From Arklow in Co Wicklow, May Byrne was diagnosed with terminal cancer last year in St Michael’s Hospital in Dún Laoghaire. According to her daughter Marie Kindlon, May was given a year to live and made a decision that she wanted to die at home.
“We were advised that her GP and healthcare nurses would all be on hand for her. We brought her home on a Tuesday and that night the pain started.”

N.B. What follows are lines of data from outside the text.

Lemma Alt_sub_3cycle (G : {group {perm T}}) x y z :
  (4 < #|T|)%N -> [transitive^3 G, on setT | 'P] ->
  x != y -> y != z -> x != z -> tperm x y * tperm y z \in G -> 'Alt_T \subset G.
Proof.
move=> T_gt4 trG xy yz xz; set t := tperm x y * tperm y z => tG.
have t_Alt : t \in 'Alt_T by rewrite Alt_even odd_permM !odd_tperm xy yz.
have classG : t ^: 'Alt_T \subset G.
  apply/subsetP => _ /imsetP[s _ ->].
  have dtuple u v w : u != v -> v != w -> u != w ->
      [tuple u; v; w] \in 3.-dtuple([set: T]).
    by move=> uv vw uw; rewrite inE /= !inE negb_or uv uw vw; apply/subsetP.
  have sD : [tuple s x; s y; s z] \in 3.-dtuple([set: T]).
    by apply: dtuple; rewrite (inj_eq perm_inj).
  have [g gG /(congr1 val) [gx gy gz]] := atransP2 trG (dtuple _ _ _ xy yz xz) sD.
  by rewrite /t conjMg !tpermJ gx gy gz -!tpermJ -conjMg groupJ.
have normalN : <<t ^: 'Alt_T>> <| 'Alt_T.
  by rewrite /normal gen_subG class_subG //= norms_gen ?class_norm.
have [_ /(_ _ normalN)[N1 | <-]] := simpleP _ (simple_Alt5 T_gt4);
  last by rewrite gen_subG.
have : t \in <<t ^: 'Alt_T>> by rewrite mem_gen ?class_refl.
rewrite N1 inE => /eqP/permP/(_ x); rewrite permM tpermL tpermL perm1 => /eqP.
by rewrite eq_sym (negPf xz).
Qed.

End ThreeCycles.

Section PointwiseStabilisers.
Variables (aT : finGroupType) (sT : finType) (to : {action aT &-> sT}) (A : {set aT}).

Lemma subastab_set0 : 'C_A(set0 | to) = A.
Proof. by apply/setIidPl/subsetP => a _; apply/astabP => u; rewrite inE. Qed.

Lemma subastab1_astab (F : {set sT}) x : 'C_('C_A(F | to))[x | to] = 'C_A(x |: F | to).
Proof. by rewrite -setIA -astabU setUC. Qed.

End PointwiseStabilisers.

Lemma setCU1 (T : finType) (F : {set T}) x : ~: F :\ x = ~: (x |: F).
Proof. by rewrite setCU setDE setIC. Qed.

Lemma cycle_Sylow (gT : finGroupType) (K : {group gT}) p q :
  prime p -> (logn p #|K| <= 1)%N -> q \in K -> #[q] = p -> p.-Sylow(K) <[q]>.
Proof.
move=> p_pr le_log Kq oq; rewrite pHallE cycle_subG Kq -orderE oq p_part /=.
have : (0 < logn p #|K|)%N by rewrite logn_gt0 mem_primes p_pr cardG_gt0 -oq order_dvdG.
by move: le_log; case: (logn p #|K|) => [|[|]].
Qed.
(* Let $S$ be a finite set of training examples, each $i\in S$ having weight $w_i>0$ and label $y_i\in Y$, where $Y$ is a finite label set. Let $S$ be partitioned into a finite family $R$ of nonempty leaves, and let $A\subseteq S$ be the set of assessed (seen) examples. For a leaf $\rho\in R$ and $y\in Y$ write $Z_\rho=\sum_{i\in\rho}w_i$, $Z_\rho^y=\sum_{i\in\rho,\,y_i=y}w_i$, $Z_u(\rho)=\sum_{i\in\rho\cap A}w_i$, $Z_u^y(\rho)=\sum_{i\in\rho\cap A,\,y_i=y}w_i$, and let $Z_n=\sum_{i\in S}w_i$, $w=\sum_{i\in S\setminus A}w_i$, $w^y=\sum_{i\in S\setminus A,\,y_i=y}w_i$. Define \[ \epsilon_n := \sum_{\rho\in R}\frac{Z_\rho}{Z_n}\left(-\sum_{y\in Y}\frac{Z_\rho^y}{Z_\rho}\lg\frac{Z_\rho^y}{Z_\rho}\right),\qquad Z_u\epsilon_u(\rho) := -\sum_{y\in Y}Z_u^y(\rho)\lg\frac{Z_u^y(\rho)}{Z_u(\rho)}. \] Assume $Z_u^y(\rho)>0$ for every $\rho\in R$ and $y\in Y$. Then \[ \sum_{\rho\in R} Z_u\epsilon_u(\rho) \;\le\; Z_n\epsilon_n \;\le\; \sum_{\rho\in R}\left[Z_u\epsilon_u(\rho) + w\lg|Y| + \sum_{y\in Y}\bigl(Z_u^y(\rho)+w^y\bigr)\lg\frac{Z_u(\rho)+w}{Z_u^y(\rho)}\right]. \]
   Context: $\lg$ is the base-2 logarithm with the convention $0\lg 0=0$. $\epsilon_n$ is the conditional label entropy of the leaves (the ''error'' term used for information-gain splitting), computed with all examples; $Z_u\epsilon_u(\rho)$ is the corresponding weighted entropy computed only on the seen examples of leaf $\rho$. *)

From mathcomp Require Import all_boot.
From Stdlib Require Import Reals.

Set Implicit Arguments.
Unset Strict Implicit.
Unset Printing Implicit Defensive.

Definition lg (x : R) : R := (ln x / ln 2)%R.

Definition plg (p : R) : R := if Req_EM_T p 0 then 0%R else (p * lg p)%R.

Definition rsum {T : finType} (P : pred T) (f : T -> R) : R :=
  \big[Rplus/0%R]_(i | P i) f i.

Section Quantities.
Variables (T Y : finType) (wt : T -> R) (lab : T -> Y) (A : {set T}).

Definition Zl (rho : {set T}) : R := rsum (fun i => i \in rho) wt.
Definition Zly (rho : {set T}) (y : Y) : R :=
  rsum (fun i => (i \in rho) && (lab i == y)) wt.
Definition Zu (rho : {set T}) : R := rsum (fun i => (i \in rho) && (i \in A)) wt.
Definition Zuy (rho : {set T}) (y : Y) : R :=
  rsum (fun i => [&& i \in rho, i \in A & lab i == y]) wt.
Definition Zn : R := rsum predT wt.
Definition wun : R := rsum (fun i => i \notin A) wt.
Definition wuny (y : Y) : R := rsum (fun i => (i \notin A) && (lab i == y)) wt.

Definition eps_n (P : {set {set T}}) : R :=
  rsum (fun rho => rho \in P)
    (fun rho => (Zl rho / Zn * - rsum predT (fun y => plg (Zly rho y / Zl rho)))%R).

Definition Zu_eps_u (rho : {set T}) : R :=
  (- rsum predT (fun y => Zuy rho y * lg (Zuy rho y / Zu rho)))%R.
End Quantities.

(** Per leaf, [-sum_y Z^y lg (Z^y / Z)] is the unnormalised entropy
    [H(c) = sum_y c_y lg (C / c_y)] of the label weights [c], with [C = sum_y c_y].
    [H] is monotone in each weight (its partial derivatives are [lg (C / c_y) >= 0]),
    which gives the lower bound since the seen weights are dominated by all weights.
    For the upper bound each term [c_y lg (C / c_y)] is bounded separately, using
    [Z^y <= Z_u^y + w^y] and [Z <= Z_u + w]; the remaining summands on the right are
    nonnegative. *)
From HB Require Import structures.
From mathcomp Require Import all_boot.
From Stdlib Require Import Reals Lra Psatz.

Set Implicit Arguments.
Unset Strict Implicit.

HB.instance Definition _ :=
  Monoid.isComLaw.Build R 0%R Rplus
    (fun a b c => esym (Rplus_assoc a b c)) Rplus_comm Rplus_0_l.

Open Scope R_scope.

Section RealSums.
Variable T : finType.
Implicit Types (P Q : pred T) (f g : T -> R).

Lemma rsum_le P f g : (forall i, P i -> f i <= g i) -> rsum P f <= rsum P g.
Proof. by move=> fg; apply: (big_ind2 Rle) => //; [lra | move=> *; lra]. Qed.

Lemma rsum_ge0 P f : (forall i, P i -> 0 <= f i) -> 0 <= rsum P f.
Proof. by move=> f0; apply: (big_ind (Rle 0)) => //; [lra | move=> *; lra]. Qed.

Lemma rsumD P f g : rsum P (fun i => f i + g i) = rsum P f + rsum P g.
Proof. by rewrite /rsum big_split. Qed.

Lemma rsumMl P c f : c * rsum P f = rsum P (fun i => c * f i).
Proof.
by apply: (big_ind2 (fun x y => c * x = y)) => [|x1 x2 y1 y2 <- <-|//]; lra.
Qed.

Lemma rsumN P f : - rsum P f = rsum P (fun i => - f i).
Proof.
by apply: (big_ind2 (fun x y => - x = y)) => [|x1 x2 y1 y2 <- <-|//]; lra.
Qed.

Lemma eq_rsum P f g : (forall i, P i -> f i = g i) -> rsum P f = rsum P g.
Proof. by move=> fg; apply: eq_bigr. Qed.

Lemma rsumID Q P f :
  rsum P f = rsum (fun i => P i && Q i) f + rsum (fun i => P i && ~~ Q i) f.
Proof. exact: bigID. Qed.

Lemma sub_rsum P Q f : (forall i, 0 <= f i) -> (forall i, P i -> Q i) ->
  rsum P f <= rsum Q f.
Proof.
move=> f0 PQ; rewrite /rsum [X in _ <= X](bigID P) /= (eq_bigl P) => [|i]; last first.
  by case Pi: (P i); rewrite ?andbF ?andbT ?PQ.
have : 0 <= \big[Rplus/0]_(i | Q i && ~~ P i) f i.
  by apply: (big_ind (Rle 0)) => //; [lra | move=> *; lra].
lra.
Qed.

Lemma rsum_term_le P f i : (forall j, 0 <= f j) -> P i -> f i <= rsum P f.
Proof.
move=> f0 Pi; rewrite /rsum (bigD1 i Pi) /=.
have : 0 <= \big[Rplus/0]_(j | P j && (j != i)) f j.
  by apply: (big_ind (Rle 0)) => //; [lra | move=> *; lra].
lra.
Qed.

End RealSums.

Lemma ln2_gt0 : 0 < ln 2.
Proof. rewrite -ln_1; apply: ln_increasing; lra. Qed.

Lemma ln_le x y : 0 < x -> x <= y -> ln x <= ln y.
Proof. by move=> x0 [xy | ->]; [left; apply: ln_increasing | right]. Qed.

Lemma ln_div x y : 0 < x -> 0 < y -> ln (x / y) = ln x - ln y.
Proof.
move=> x0 y0; rewrite /Rdiv ln_mult ?ln_Rinv //; last exact: Rinv_0_lt_compat.
Qed.

Lemma ln_le_sub1 x : 0 < x -> ln x <= x - 1.
Proof. by move=> x0; have := exp_ineq1_le (ln x); rewrite exp_ln //; lra. Qed.

Lemma lgE x : lg x = ln x * / ln 2.
Proof. by []. Qed.

Lemma lg_le x y : 0 < x -> x <= y -> lg x <= lg y.
Proof.
move=> x0 xy; apply: Rmult_le_compat_r; last exact: ln_le.
by left; apply/Rinv_0_lt_compat/ln2_gt0.
Qed.

Lemma lg_ge0 x : 1 <= x -> 0 <= lg x.
Proof. by move=> x1; rewrite -(Rmult_0_l (/ ln 2)) -ln_1; apply: lg_le; lra. Qed.

Lemma lg_div_ge0 x y : 0 < x -> x <= y -> 0 <= lg (y / x).
Proof.
move=> x0 xy; apply: lg_ge0.
by apply: (Rmult_le_reg_r x) => //; rewrite /Rdiv Rmult_assoc Rinv_l; lra.
Qed.

(* The tangent-line bound [ln r <= r - 1] at [r = A c / (a C)], combined with
   [a <= c] and [lg (C / c) >= 0]. *)
Lemma mul_lg_div_le_shift a c A C : 0 < a -> a <= c -> c <= C -> 0 < A ->
  a * lg (A / a) <= c * lg (C / c) + (A * c / C - a) / ln 2.
Proof.
move=> a0 ac cC A0.
have c0 : 0 < c by lra.
have C0 : 0 < C by lra.
have tangent : a * (ln A - ln a - (ln C - ln c)) <= A * c / C - a.
  have := ln_le_sub1 (Rdiv_lt_0_compat (A * c) (a * C) ltac:(nra) ltac:(nra)).
  rewrite ln_div ?ln_mult; try nra.
  have -> : A * c / (a * C) - 1 = (A * c / C - a) / a by field; lra.
  move=> h; apply: (Rmult_le_reg_r (/ a)); first exact: Rinv_0_lt_compat.
  rewrite Rmult_comm -Rmult_assoc Rinv_l; lra.
have lgCc := lg_div_ge0 c0 cC.
have Li : 0 < / ln 2 by apply/Rinv_0_lt_compat/ln2_gt0.
rewrite !lgE !ln_div // in lgCc *.
have : a * (ln C - ln c) <= c * (ln C - ln c) by nra.
rewrite /Rdiv; nra.
Qed.

Lemma mul_lg_div_le a c d C D : 0 < a -> a <= c -> c <= C -> C <= D -> c <= d ->
  c * lg (C / c) <= d * lg (D / a).
Proof.
move=> a0 ac cC CD cd.
have c0 : 0 < c by lra.
have lgCc := lg_div_ge0 c0 cC.
have lg_mono : lg (C / c) <= lg (D / a).
  rewrite !lgE !ln_div; try lra; apply: Rmult_le_compat_r.
    by left; apply/Rinv_0_lt_compat/ln2_gt0.
  by have := ln_le (Rlt_le_trans _ _ _ c0 cC) CD; have := ln_le a0 ac; lra.
nra.
Qed.

Section WeightedEntropy.
Variable Y : finType.
Implicit Types a b c : Y -> R.

Definition weighted_entropy c : R :=
  rsum predT (fun y => c y * lg (rsum predT c / c y)).

Lemma weighted_entropy_ge0 c : (forall y, 0 < c y) -> 0 <= weighted_entropy c.
Proof.
move=> c0; apply: rsum_ge0 => y _; apply: Rmult_le_pos; first by left.
by apply: lg_div_ge0 => //; apply: rsum_term_le => // z; left.
Qed.

(* Summing [mul_lg_div_le_shift] over [y], the shifts add up to [A C / C - A = 0]. *)
Lemma weighted_entropy_mono a c : (forall y, 0 < a y) -> (forall y, a y <= c y) ->
  weighted_entropy a <= weighted_entropy c.
Proof.
move=> a0 ac.
have c0 y : 0 <= c y by have := a0 y; have := ac y; lra.
pose C := rsum predT c; pose A := rsum predT a.
have cC y : c y <= C by apply: rsum_term_le.
have L := ln2_gt0.
have [y0 _ | Y0] := pickP (fun _ : Y => true); last first.
  by rewrite /weighted_entropy /rsum !big_pred0 //; lra.
have C0 : 0 < C by have := cC y0; have := a0 y0; have := ac y0; lra.
have shift0 : rsum predT (fun y => (A * c y / C - a y) / ln 2) = 0.
  rewrite (@eq_rsum _ _ _ (fun y => A / (C * ln 2) * c y + - / ln 2 * a y)).
    by rewrite rsumD -!rsumMl -/C -/A; field; lra.
  by move=> y _; field; lra.
rewrite /weighted_entropy -/C -/A -[X in _ <= X]Rplus_0_r -shift0 -rsumD.
apply: rsum_le => y _; apply: mul_lg_div_le_shift => //.
by apply: Rlt_le_trans (a0 y) _; apply: rsum_term_le => // z; left.
Qed.

Lemma weighted_entropy_le_bound a b c D :
  (forall y, 0 < a y) -> (forall y, a y <= c y <= a y + b y) -> rsum predT c <= D ->
  weighted_entropy c <= rsum predT (fun y => (a y + b y) * lg (D / a y)).
Proof.
move=> a0 abc cD; apply: rsum_le => y _.
have c0 z : 0 <= c z by have := a0 z; have := abc z; lra.
have [ac cab] := abc y.
by apply: mul_lg_div_le => //; apply: rsum_term_le.
Qed.
End WeightedEntropy.

Lemma plg_div c C : 0 < c -> 0 < C -> - (C * plg (c / C)) = c * lg (C / c).
Proof.
move=> c0 C0; have cC0 := Rdiv_lt_0_compat c C c0 C0.
rewrite /plg; destruct (Req_EM_T (c / C) 0); first lra.
by rewrite /= !lgE !ln_div //; field; have := ln2_gt0; lra.
Qed.

Section LeafWeights.
Variables (T Y : finType) (wt : T -> R) (lab : T -> Y) (A : {set T}).
Hypothesis wt_ge0 : forall i, 0 <= wt i.

Lemma sum_Zuy rho : rsum predT (Zuy wt lab A rho) = Zu wt A rho.
Proof.
rewrite /Zu /rsum (partition_big lab predT) //.
by apply: eq_bigr => y _; apply: eq_bigl => i; rewrite andbA.
Qed.

Lemma sum_Zly rho : rsum predT (Zly wt lab rho) = Zl wt rho.
Proof. by rewrite /Zl /rsum (partition_big lab predT). Qed.

Lemma Zuy_le_Zly rho y : Zuy wt lab A rho y <= Zly wt lab rho y.
Proof. by apply: sub_rsum => // i /and3P[-> _]. Qed.

Lemma Zly_le_Zl rho y : Zly wt lab rho y <= Zl wt rho.
Proof. by apply: sub_rsum => // i /andP[]. Qed.

Lemma Zl_le_Zn rho : Zl wt rho <= Zn wt.
Proof. exact: sub_rsum. Qed.

Lemma Zly_le_Zuy_wuny rho y : Zly wt lab rho y <= Zuy wt lab A rho y + wuny wt lab A y.
Proof.
rewrite /Zly (rsumID (fun i => i \in A)).
apply: Rplus_le_compat.
  right; apply: eq_bigl => i.
  by case: (i \in rho); case: (i \in A); rewrite ?andbT ?andbF.
by apply: sub_rsum => // i /andP[/andP[_ ->] ->].
Qed.

Lemma Zl_le_Zu_wun rho : Zl wt rho <= Zu wt A rho + wun wt A.
Proof.
rewrite /Zl (rsumID (fun i => i \in A)); apply: Rplus_le_compat; first exact: Rle_refl.
by apply: sub_rsum => // i /andP[].
Qed.

Lemma Zu_eps_uE rho : (forall y, 0 < Zuy wt lab A rho y) ->
  Zu_eps_u wt lab A rho = weighted_entropy (Zuy wt lab A rho).
Proof.
move=> Zuy0; rewrite /Zu_eps_u /weighted_entropy sum_Zuy.
rewrite rsumN; apply: eq_rsum => y _.
have Zu0 : 0 < Zu wt A rho.
  by apply: Rlt_le_trans (Zuy0 y) _; rewrite -sum_Zuy; apply: rsum_term_le => // z; left.
by rewrite !lgE !ln_div //; lra.
Qed.

Lemma Zn_eps_nE (P : {set {set T}}) :
  (forall rho, rho \in P -> 0 < Zl wt rho) ->
  (forall rho y, rho \in P -> 0 < Zly wt lab rho y) ->
  Zn wt * eps_n wt lab P =
  rsum (fun rho => rho \in P) (fun rho => weighted_entropy (Zly wt lab rho)).
Proof.
move=> Zl0 Zly0; rewrite /eps_n rsumMl; apply: eq_rsum => rho Prho.
have Zn0 : 0 < Zn wt by apply: Rlt_le_trans (Zl0 _ Prho) (Zl_le_Zn rho).
have -> : Zn wt * (Zl wt rho / Zn wt * - rsum predT (fun y => plg (Zly wt lab rho y / Zl wt rho)))
  = - (Zl wt rho * rsum predT (fun y => plg (Zly wt lab rho y / Zl wt rho))).
  by field; lra.
rewrite rsumMl rsumN /weighted_entropy sum_Zly; apply: eq_rsum => y _.
by rewrite plg_div; auto.
Qed.
End LeafWeights.

Theorem mainTheorem4 (T Y : finType) (wt : T -> R) (lab : T -> Y)
  (P : {set {set T}}) (A : {set T}) :
  (forall i, (0 < wt i)%R) ->
  partition P [set: T] ->
  (forall rho, rho \in P -> rho != set0) ->
  (forall rho y, rho \in P -> (0 < Zuy wt lab A rho y)%R) ->
  (rsum (fun rho => rho \in P) (Zu_eps_u wt lab A)
     <= Zn wt * eps_n wt lab P)%R /\
  (Zn wt * eps_n wt lab P
     <= rsum (fun rho => rho \in P)
          (fun rho => Zu_eps_u wt lab A rho
             + wun wt A * lg (INR #|Y|)
             + rsum predT (fun y => (Zuy wt lab A rho y + wuny wt lab A y)
                   * lg ((Zu wt A rho + wun wt A) / Zuy wt lab A rho y)))%R)%R.
Proof.
(* Both bounds hold leaf by leaf, so the leaves need not partition [T]. *)
move=> wt_gt0 _ leaf_nonempty Zuy_gt0.
have wt_ge0 i : 0 <= wt i by left.
have Zly_gt0 rho y : rho \in P -> 0 < Zly wt lab rho y.
  by move=> Prho; apply: Rlt_le_trans (Zuy_gt0 _ y Prho) (Zuy_le_Zly _ _ wt_ge0 _ _).
have Zl_gt0 rho : rho \in P -> 0 < Zl wt rho.
  move=> Prho; have [i _] := set0Pn _ (leaf_nonempty _ Prho).
  exact: Rlt_le_trans (Zly_gt0 _ (lab i) Prho) (Zly_le_Zl _ wt_ge0 _ _).
have Zu_eps_u_leaf rho :
    rho \in P -> Zu_eps_u wt lab A rho = weighted_entropy (Zuy wt lab A rho).
  by move=> Prho; apply: Zu_eps_uE => // y; apply: Zuy_gt0.
rewrite Zn_eps_nE //; split; apply: rsum_le => rho Prho; rewrite Zu_eps_u_leaf //.
  by apply: weighted_entropy_mono => y; [exact: Zuy_gt0 | exact: Zuy_le_Zly].
have lgY : 0 <= lg (INR #|Y|).
  have [i _] := set0Pn _ (leaf_nonempty _ Prho).
  by apply/lg_ge0/(le_INR 1)/leP/card_gt0P; exists (lab i).
have bound : weighted_entropy (Zly wt lab rho) <= rsum predT (fun y =>
    (Zuy wt lab A rho y + wuny wt lab A y) * lg ((Zu wt A rho + wun wt A) / Zuy wt lab A rho y)).
  apply: weighted_entropy_le_bound => [y | y | ]; first exact: Zuy_gt0.
    by split; [exact: Zuy_le_Zly | exact: Zly_le_Zuy_wuny].
  by rewrite sum_Zly //; exact: Zl_le_Zu_wun.
have := weighted_entropy_ge0 (Zuy_gt0 _^~ Prho).
have : 0 <= wun wt A * lg (INR #|Y|) by apply: Rmult_le_pos => //; apply: rsum_ge0.
lra.
Qed.
(* Let $\mathbf A\in\mathbb R^{m\times n}$ be a nonzero matrix of rank $r$ (full column rank or rank deficient) with smallest nonzero singular value $\sigma_r(\mathbf A)$, and let $\mathbf b\in\mathbb R^m$ be such that $\mathbf A\mathbf x=\mathbf b$ is consistent. Fix a row partition $\{\mathcal I_1,\dots,\mathcal I_s\}$ of $[m]$ and a column partition $\{\mathcal J_1,\dots,\mathcal J_t\}$ of $[n]$, let $\beta=\max_{(\mathcal I,\mathcal J)\in\mathcal P}\|\mathbf A_{\mathcal I,\mathcal J}\|_2^2/\|\mathbf A_{\mathcal I,\mathcal J}\|_F^2$ and $\rho=\max_{1\le j\le t}\sigma_1^2(\mathbf A_{:,\mathcal J_j})$. Let $\mathbf x^0\in\mathbb R^n$ be arbitrary and let $\mathbf x^k$ be the $k$th iterate of the doubly stochastic block Gauss--Seidel (DSBGS) algorithm with step size $\alpha$ described in the context. Then: (i) if $t=n$ and $0<\alpha<2\sigma_r^2(\mathbf A)/(\beta\|\mathbf A\|_F^2)$, then for every $k\ge0$ $$\mathbb E\big[\|\mathbf A\mathbf x^k-\mathbf b\|_2^2\big]\le\Big(1+\beta\alpha^2-\frac{2\alpha\sigma_r^2(\mathbf A)}{\|\mathbf A\|_F^2}\Big)^k\|\mathbf A\mathbf x^0-\mathbf b\|_2^2;$$ (ii) if $t<n$ and $0<\alpha<2\sigma_r^2(\mathbf A)/(t\rho\beta)$, then for every $k\ge0$ $$\mathbb E\big[\|\mathbf A\mathbf x^k-\mathbf b\|_2^2\big]\le\Big(1-\frac{2\alpha\sigma_r^2(\mathbf A)-t\rho\beta\alpha^2}{\|\mathbf A\|_F^2}\Big)^k\|\mathbf A\mathbf x^0-\mathbf b\|_2^2.$$
   Context: Notation: $\|\cdot\|_F$ the Frobenius norm, $\|\cdot\|_2$ the Euclidean norm for vectors and spectral norm for matrices, $\sigma_1(\cdot)$ the largest singular value. For $\mathcal I\subseteq[m]=\{1,\dots,m\}$ and $\mathcal J\subseteq[n]$, $\mathbf A_{\mathcal I,\mathcal J}$ is the submatrix of $\mathbf A$ with rows indexed by $\mathcal I$ and columns indexed by $\mathcal J$; $\mathbf A_{:,\mathcal J}$ is the column submatrix indexed by $\mathcal J$; $\mathbf I_{:,\mathcal J}$ denotes the columns of the identity matrix (of the appropriate order) indexed by $\mathcal J$. DSBGS algorithm: the sets $\mathcal I_1,\dots,\mathcal I_s$ are nonempty, pairwise disjoint with union $[m]$, and $\mathcal J_1,\dots,\mathcal J_t$ are nonempty, pairwise disjoint with union $[n]$; $\mathcal P=\{\mathcal I_1,\dots,\mathcal I_s\}\times\{\mathcal J_1,\dots,\mathcal J_t\}$ (in the definition of $\beta$ the maximum is over blocks with $\mathbf A_{\mathcal I,\mathcal J}\neq0$). Given $\alpha>0$ and $\mathbf x^0$, for $k=1,2,\dots$: pick $(\mathcal I,\mathcal J)\in\mathcal P$ (independently of previous choices) with probability $\|\mathbf A_{\mathcal I,\mathcal J}\|_F^2/\|\mathbf A\|_F^2$, and set $$\mathbf x^k=\mathbf x^{k-1}-\alpha\,\frac{\mathbf I_{:,\mathcal J}(\mathbf A_{\mathcal I,\mathcal J})^{T}(\mathbf I_{:,\mathcal I})^{T}}{\|\mathbf A_{\mathcal I,\mathcal J}\|_F^2}\,(\mathbf A\mathbf x^{k-1}-\mathbf b).$$ The expectation $\mathbb E$ is over the random choices of the blocks. *)

From HB Require Import structures.
From mathcomp Require Import all_boot all_order all_algebra.
From mathcomp Require Import classical_sets reals.
Set Implicit Arguments. Unset Strict Implicit. Unset Printing Implicit Defensive.
Import Order.TTheory GRing.Theory Num.Theory.
Local Open Scope ring_scope.
Local Open Scope classical_set_scope.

Over the following three days, her mother’s condition deteriorated. “We brought her to Care DOC and to her GP, but really all they could do was give her pain relievers and sedation. By Friday she hadn’t eaten or drank anything for two days and she was like a corpse. My father was 82 years of age and for him to see her like that was just awful. On the Friday I rang the consultant and his first words to me were ‘I knew it wouldn’t work, because you have no palliative care in Wicklow.’ She went back to St Michael’s in an ambulance.”
May Byrne died four weeks later in Blackrock Hospice.
“Her choice obviously would have been to die at home surrounded by her family, but she was well looked after in the hospice. The consultant was there monitoring her all the time so her symptoms were under control. She had the spiritual and emotional support that she needed.”
The family faced a 130km round trip from Arklow to visit May in her last days. “It’s dangerous at a time when you are under strain anyway to be facing in to a trip like that, and the fear is that something happens when you are not there. But she couldn’t die in her own county and I think everyone deserves that option.”